** SOURCE RECORDS follows **

(* Let $(x_i)_{i\in[n]}$ be i.i.d. Bernoulli random variables conditioned on the event $\sum_{i\in[n]}x_i=S$. Let $A,B_1,\dots,B_k$ partition $[n]$, and set $X=(x_i)_{i\in A}$, $Y_j=(x_i)_{i\in B_j}$, $Z_j=\sum_{i\in B_j}x_i$ for $1\le j\le k$. Let $f$ be a real-valued function and $\varphi(t)=\mathbb{E}\,e^{itf(X,Y_1,\dots,Y_k)}$. Then \[|\varphi(t)|^{2^k}\le\mathbb{E}_{Z_1,\dots,Z_k,Y_1^0,Y_1^1,\dots,Y_k^0,Y_k^1}\Big|\mathbb{E}_X\big[e^{it\alpha(f)(X,\mathbf{Y})}\,\big|\,Z_1,\dots,Z_k\big]\Big|,\] where $(Z_1,\dots,Z_k)$ has the distribution induced by the conditioned model, and given $Z_1,\dots,Z_k$ the vectors $Y_j^\ell$ ($1\le j\le k$, $\ell\in\{0,1\}$) are conditionally independent, each $Y_j^\ell$ uniform among $\{0,1\}$-vectors indexed by $B_j$ with exactly $Z_j$ ones, and the inner expectation is over $X$ with its conditional distribution given $Z_1,\dots,Z_k$.
   Context: For $f(X,Y_1,\dots,Y_k)$, the decoupling operator $\alpha$ is $\alpha(f)(X,Y_1^0,Y_1^1,\dots,Y_k^0,Y_k^1)=\sum_{\mathbf{v}\in\{0,1\}^k}(-1)^{|\mathbf{v}|}f(X,Y_1^{v_1},\dots,Y_k^{v_k})$, and $\mathbf{Y}=(Y_1^0,Y_1^1,\dots,Y_k^0,Y_k^1)$. *)

From HB Require Import structures.
From mathcomp Require Import all_boot all_order all_algebra.
From mathcomp Require Import all_classical all_reals.
From mathcomp Require Import trigo.
From mathcomp.real_closed Require Import complex.
Set Implicit Arguments. Unset Strict Implicit. Unset Printing Implicit Defensive.
Import Order.TTheory GRing.Theory Num.Theory.
Local Open Scope ring_scope.
Local Open Scope complex_scope.

Section Lemma211Defs.
Variables (R : realType) (n k : nat).

Definition config := {ffun 'I_n -> bool}.

Definition ones (x : config) : nat := #|[set i | x i]|.

Definition ones_in (P : pred 'I_n) (x : config) : nat := #|[set i | P i && x i]|.

Definition bern_slice_weight (p : R) (S : nat) (x : config) : R :=
  if ones x == S then p ^+ ones x * (1 - p) ^+ (n - ones x) else 0.

Definition cond_bern (p : R) (S : nat) (x : config) : R :=
  bern_slice_weight p S x / \sum_(x' : config) bern_slice_weight p S x'.

(* The partition: part i = ord0 means i \in A, part i = lift ord0 j means i \in B_j. *)
Variable part : 'I_n -> 'I_k.+1.

Definition inA (i : 'I_n) : bool := part i == ord0.
Definition inB (j : 'I_k) (i : 'I_n) : bool := part i == lift ord0 j.

Definition Zof (x : config) : {ffun 'I_k -> nat} := [ffun j => ones_in (inB j) x].

(* The configuration (X, Y_1^{v_1}, ..., Y_k^{v_k}): coordinates in A taken from x,
   coordinates in B_j taken from y1 if v_j = 1 and from y0 if v_j = 0. *)
Definition mix (x y0 y1 : config) (v : {ffun 'I_k -> bool}) : config :=
  [ffun i => match unlift ord0 (part i) with
             | None => x i
             | Some j => if v j then y1 i else y0 i end].

(* The decoupling operator alpha, for f a function of (X, Y_1, ..., Y_k)
   (encoded as a function of the full configuration). *)
Definition alpha (f : config -> R) (x y0 y1 : config) : R :=
  \sum_(v : {ffun 'I_k -> bool}) (-1) ^+ #|[set j | v j]| * f (mix x y0 y1 v).

Definition cis (theta : R) : R[i] := (cos theta +i* sin theta)%C.

Definition charfun (p : R) (S : nat) (f : config -> R) (t : R) : R[i] :=
  \sum_(x : config) (cond_bern p S x)%:C * cis (t * f x).

(* Support of (Y_1, ..., Y_k) given Z = z: vectors on the B-blocks (encoded as
   configurations vanishing on A) with exactly z_j ones in B_j. *)
Definition Yslice (z : {ffun 'I_k -> nat}) : {set config} :=
  [set y : config | [forall i, inA i ==> ~~ y i] && [forall j, ones_in (inB j) y == z j]].

(* Joint law of (Y_1^l, ..., Y_k^l) given Z = z: independent, each Y_j^l uniform
   among {0,1}-vectors on B_j with z_j ones. *)
Definition Ylaw (z : {ffun 'I_k -> nat}) (y : config) : R :=
  if y \in Yslice z then #|Yslice z|%:R^-1 else 0.

Definition PZ (p : R) (S : nat) (z : {ffun 'I_k -> nat}) : R :=
  \sum_(x : config | Zof x == z) cond_bern p S x.

(* E_X[ e^{i t alpha(f)(X, Y)} | Z = z ], X having its conditional law given Z = z.
   (alpha f x y0 y1 only depends on the A-coordinates x, i.e. on X.) *)
Definition condE_X (p : R) (S : nat) (f : config -> R) (t : R)
    (z : {ffun 'I_k -> nat}) (y0 y1 : config) : R[i] :=
  (\sum_(x : config | Zof x == z) (cond_bern p S x)%:C * cis (t * alpha f x y0 y1))
    / (PZ p S z)%:C.

(* E_{Z, Y^0, Y^1} | E_X [ e^{i t alpha(f)(X,Y)} | Z ] |, Z distributed as in the
   conditioned model (expectation of a function of Z = Zof x). *)
Definition decoupled_bound (p : R) (S : nat) (f : config -> R) (t : R) : R :=
  \sum_(x : config) cond_bern p S x *
    (\sum_(y0 : config) \sum_(y1 : config)
        Ylaw (Zof x) y0 * Ylaw (Zof x) y1 *
        Normc.normc (condE_X p S f t (Zof x) y0 y1)).

End Lemma211Defs.

(* Conditioned on its sum the Bernoulli vector is uniform on the slice
   {x | ones x = S}, and conditioned further on Z = z it is uniform on the fibre
   of z in the slice.  So |phi(t)| is at most the slice average of
   |E[e^{itf} | Z]|, and by Jensen it suffices to bound
   |E[e^{itf} | Z = z]|^(2^k) for each z.
   Replacing the block B_m of a point of the fibre by the B_m-block of any
   u in Yslice z stays in the fibre, and swapping these blocks between x and u
   is an involution, so averaging over such resamplings changes no average.
   Resampling B_m and applying Cauchy-Schwarz in X turns
   |E_X e^{itg(X)}|^2 into E_{U0,U1} |E_X e^{it(g(X[m:=U0]) - g(X[m:=U1]))}|:
   one van der Corput step squares the exponent and decouples block m.
   After k steps f has become alpha(f). *)

From mathcomp Require Import all_boot all_order all_algebra.
From mathcomp Require Import reals trigo.
From mathcomp Require Import ring.
From mathcomp.real_closed Require Import complex.
Set Implicit Arguments. Unset Strict Implicit. Unset Printing Implicit Defensive.
Import Order.TTheory GRing.Theory Num.Theory.
Local Open Scope ring_scope.

Section Average.
Variable F : numFieldType.

Definition avg (T : finType) (A : {set T}) (g : T -> F) : F :=
  #|A|%:R^-1 * \sum_(x in A) g x.

Lemma sum_mul_indicator (T : finType) (A : {set T}) (P : pred T) (w g : T -> F)
    (c : F) :
  (forall x, w x = if x \in A then c else 0) ->
  \sum_(x | P x) w x * g x = c * \sum_(x in A | P x) g x.
Proof.
move=> wE; rewrite big_distrr [RHS]big_mkcond [LHS]big_mkcond /=.
by apply: eq_bigr => x _; rewrite wE; case: (P x); case: (x \in A); rewrite ?mul0r.
Qed.

Lemma eq_avg (T : finType) (A : {set T}) (g h : T -> F) :
  {in A, g =1 h} -> avg A g = avg A h.
Proof. by move=> e; rewrite /avg (eq_bigr h) // => x /e. Qed.

Lemma avg_const (T : finType) (A : {set T}) (c : F) :
  (#|A| > 0)%N -> avg A (fun=> c) = c.
Proof.
move=> A_gt0; rewrite /avg sumr_const -[c *+ _]mulr_natr mulrCA mulVf ?mulr1 //.
by rewrite pnatr_eq0 -lt0n.
Qed.

Lemma avgB (T : finType) (A : {set T}) (g h : T -> F) :
  avg A (fun x => g x - h x) = avg A g - avg A h.
Proof. by rewrite /avg big_split /= sumrN mulrBr. Qed.
(** On the [j]-th block the operators [orbit m], for the times [m] read off from the
    projections, approximate [I - P_N] up to an error summing to at most [Rnorm]; so
    R-boundedness with constant [K] would bound the ratio of the block's witnesses by [K + 2]. *)
Lemma not_R_bounded_of_exp_symbol_orbit (F : (X -> X) -> Prop) (orbit : nat -> X -> X) :
  (forall m, F (orbit m)) -> exp_symbol_orbit orbit -> ~ R_bounded F.
Proof.
  intros HF HS [K HK].
  destruct (INR_unbounded (K + 2)) as [j Hj].
  set (a := block_boundary block_end j). set (b := block_boundary block_end (S j)).
  destruct (next_block_good a) as [_ [_ [ys [Hsupp [Hratio [L [HL1 HL2]]]]]]].
  fold b in Hsupp, Hratio, HL1, HL2.
  set (delta := tolerance b ys). pose proof (tolerance_pos b ys) as Hd. fold delta in Hd, HL1, HL2.
  set (time := fun N => (L * weight_nat block_end block_growth (Nat.min N b))%nat).
  set (G := fun y : nat * X => orbit (time (fst y)) (snd y)).
  set (err := fun y : nat * X => vsub (vsub (snd y) (G y)) (proj_pair hD y)).
  assert (HG : Rnorm (map G ys) <= K * Rnorm (map snd ys)).
  { pose proof (HK (map (fun y => (orbit (time (fst y)), snd y)) ys)) as H.
    rewrite !map_map in H. apply H.
    apply Forall_forall. intros p Hp. apply in_map_iff in Hp as [y [<- _]]. apply HF. }
  assert (Herr : norm_sum (map err ys) <= Rnorm (map snd ys)).
  { eapply Rle_trans; [apply (norm_sum_map_le ys err snd (INR (S b) * delta * (2 * beta)))|].
    - pose proof (pos_INR (S b)). apply Rmult_le_pos; [apply Rmult_le_pos|]; lra.
    - intros y Hy. unfold err. rewrite vsub_rcomm. apply (tail_error_norm_le orbit j L); auto.
    - pose proof (tolerance_small b ys). pose proof (Rnorm_nonneg (map snd ys)). fold delta in H. nra. }
  assert (Hproj : Rnorm (map (proj_pair hD) ys)
                  <= Rnorm (map snd ys) + Rnorm (map G ys) + norm_sum (map err ys)).
  { replace (map (proj_pair hD) ys) with (map (fun y => vsub (vsub (snd y) (G y)) (err y)) ys)
      by (apply map_ext; intro y; unfold err; rewrite vsub_sub_r, vsub_diag, vadd_0; auto).
    pose proof (Rnorm_sub (fun y => vsub (snd y) (G y)) err ys).
    pose proof (Rnorm_sub snd G ys). pose proof (Rnorm_le_norm_sum (map err ys)). lra. }
  pose proof (Rnorm_nonneg (map snd ys)).
  assert (INR j <= INR a) by (apply le_INR, block_boundary_ge, block_end_gt).
  assert ((K + 2) * Rnorm (map snd ys) <= INR a * Rnorm (map snd ys)) by (apply Rmult_le_compat_r; lra).
  lra.
Qed.

End NotRBounded.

** End of SOURCE RECORDS **

WHAT THE TASK REQUIRES —
Each line of the entries above that contains "orbit" must be copied into the answer.

ANSWER AREA —
(** On the [j]-th block the operators [orbit m], for the times [m] read off from the
Lemma not_R_bounded_of_exp_symbol_orbit (F : (X -> X) -> Prop) (orbit : nat -> X -> X) :
  (forall m, F (orbit m)) -> exp_symbol_orbit orbit -> ~ R_bounded F.
  set (G := fun y : nat * X => orbit (time (fst y)) (snd y)).
  { pose proof (HK (map (fun y => (orbit (time (fst y)), snd y)) ys)) as H.
    - intros y Hy. unfold err. rewrite vsub_rcomm. apply (tail_error_norm_le orbit j L); auto.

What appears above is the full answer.